The neuropsychological evaluation is used to determine the pattern of brain-related strengths and weaknesses to understand the origin of the problem and to make a diagnosis. Often, this will guide specific treatment recommendations. Pediatric neuropsychological evaluations are performed by licensed professionals and are helpful in determining functional outcomes and guiding interventions related to genetic syndromes, prenatal influences on development, systemic illness affecting the nervous system, acquired brain injuries or developmental conditions such as autism or learning disabilities.

==Disorders commonly evaluated by pediatric neuropsychologists==
- Developmental Disabilities
  - Speech and Language Impairment (of unknown origin)
  - ADHD and Learning Disabilities
  - Intellectual Disability
  - Autism Spectrum Disorder
- Genetic and metabolic syndromes (e.g., phenylketonuria, Down syndrome, neurofibromatosis, Turner syndrome)
- Acquired Neuropsychological Disorders
  - Prenatal Substance Exposure (e.g., Fetal Alcohol Syndrome, Alcohol Related Neurodevelopmental Disorder)
  - Hypoxic-Ischemic Injuries (e.g., periventricular leukomalacia associated with prematurity; near-drowning asphyxia)
  - Other prenatal anomalies (amniotic band syndrome, spina bifida myelomeningocele)
  - Toxic exposure (lead, mercury poisoning, chemotherapy drugs, irradiation)
  - Malnutrition & specific nutrient deficiencies affecting brain function
  - Trauma related to Abuse & Neglect
  - Acquired Traumatic Brain Injuries
  - Cerebrovascular disease (ischemia, thrombosis, embolism, infarct, arteriovenous malformation)
  - Neurological conditions of varying etiology (epilepsy, hydrocephalus, cysts, demyelination)
  - Systemic illness affecting brain development or function (e.g., HIV/AIDS, meningitis, encephalitis, leukemia, sickle cell disease)
  - Organ dysfunction affecting brain development or function, e.g., Cardiac, Circulatory, Renal, Hepatic, or Pulmonary Problems
  - Psychiatric Disorders (e.g., schizophrenia, somatization)

==Board certification==
In the United States and Canada, each state or province licenses professionals to practice psychology.
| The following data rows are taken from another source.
(* Let $C$ be an independent set of the Kneser graph of flags of type $\{2,3\}$ of $\mathrm{PG}(6,q)$ such that every plane and every solid occurs in at most $q+1$ flags of $C$; for a point $X$ let $\Delta_X(C)$ be the set of flags $(E,S)\in C$ with $X\in E$. Let $P$ be a point and suppose there are flags $(E_i,S_i)\in\Delta_P(C)$, $i\in\{1,2,3\}$, with $E_i\cap E_j=P$ for distinct $i,j$. Then every point $Q$ with $Q\notin\langle E_i,E_j\rangle$ and $Q\notin S_i$ for all $i,j\in\{1,2,3\}$ satisfies $$|\Delta_Q(C)|\le 3q^8+12q^7+21q^6+28q^5+26q^4+18q^3+12q^2+8q+4.$$
   Context: Dimensions are projective (planes 2, solids 3). A flag of type $\{2,3\}$ is a pair $(E,S)$ of a plane $E$ and a solid $S$ with $E\subseteq S$; in the Kneser graph distinct flags $(E,S),(E',S')$ are adjacent iff $E\cap S'=\emptyset$ and $E'\cap S=\emptyset$. $\langle\cdot\rangle$ denotes the span. *)

From HB Require Import structures.
From mathcomp Require Import all_boot all_order all_algebra all_field.
Set Implicit Arguments. Unset Strict Implicit. Unset Printing Implicit Defensive.
Import GRing.Theory.
Local Open Scope ring_scope.

(* PG(6,q) is modelled by the 7-dimensional vector space 'rV[F]_7 over a
   finite field F with q = #|F|.  Projective subspaces of projective
   dimension d are vector subspaces of dimension d+1. *)
Definition PGvec (F : finFieldType) := 'rV[F]_7.
Definition subsp (F : finFieldType) := {vspace 'rV[F]_7}.

Definition is_point (F : finFieldType) (X : subsp F) : bool := \dim X == 1%N.
Definition is_plane (F : finFieldType) (E : subsp F) : bool := \dim E == 3%N.
Definition is_solid (F : finFieldType) (S : subsp F) : bool := \dim S == 4%N.

Definition flag (F : finFieldType) := (subsp F * subsp F)%type.
Definition is_flag23 (F : finFieldType) (f : flag F) : bool :=
  [&& is_plane f.1, is_solid f.2 & (f.1 <= f.2)%VS].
Additionally, two boards specifically examine and certify neuropsychologists engaged in pediatric practice:

- The American Board of Pediatric Neuropsychology, a subsidiary of the American Academy of Pediatric Neuropsychology, is an exclusively pediatric board.
- The American Board of Clinical Neuropsychology, a specialty board of the American Board of Professional Psychology, provides board certification for clinical neuropsychologists who subspecialize with different populations, including pediatric, lifespan, epilepsy, traumatic brain injury rehabilitation, geriatric, forensic work, etc.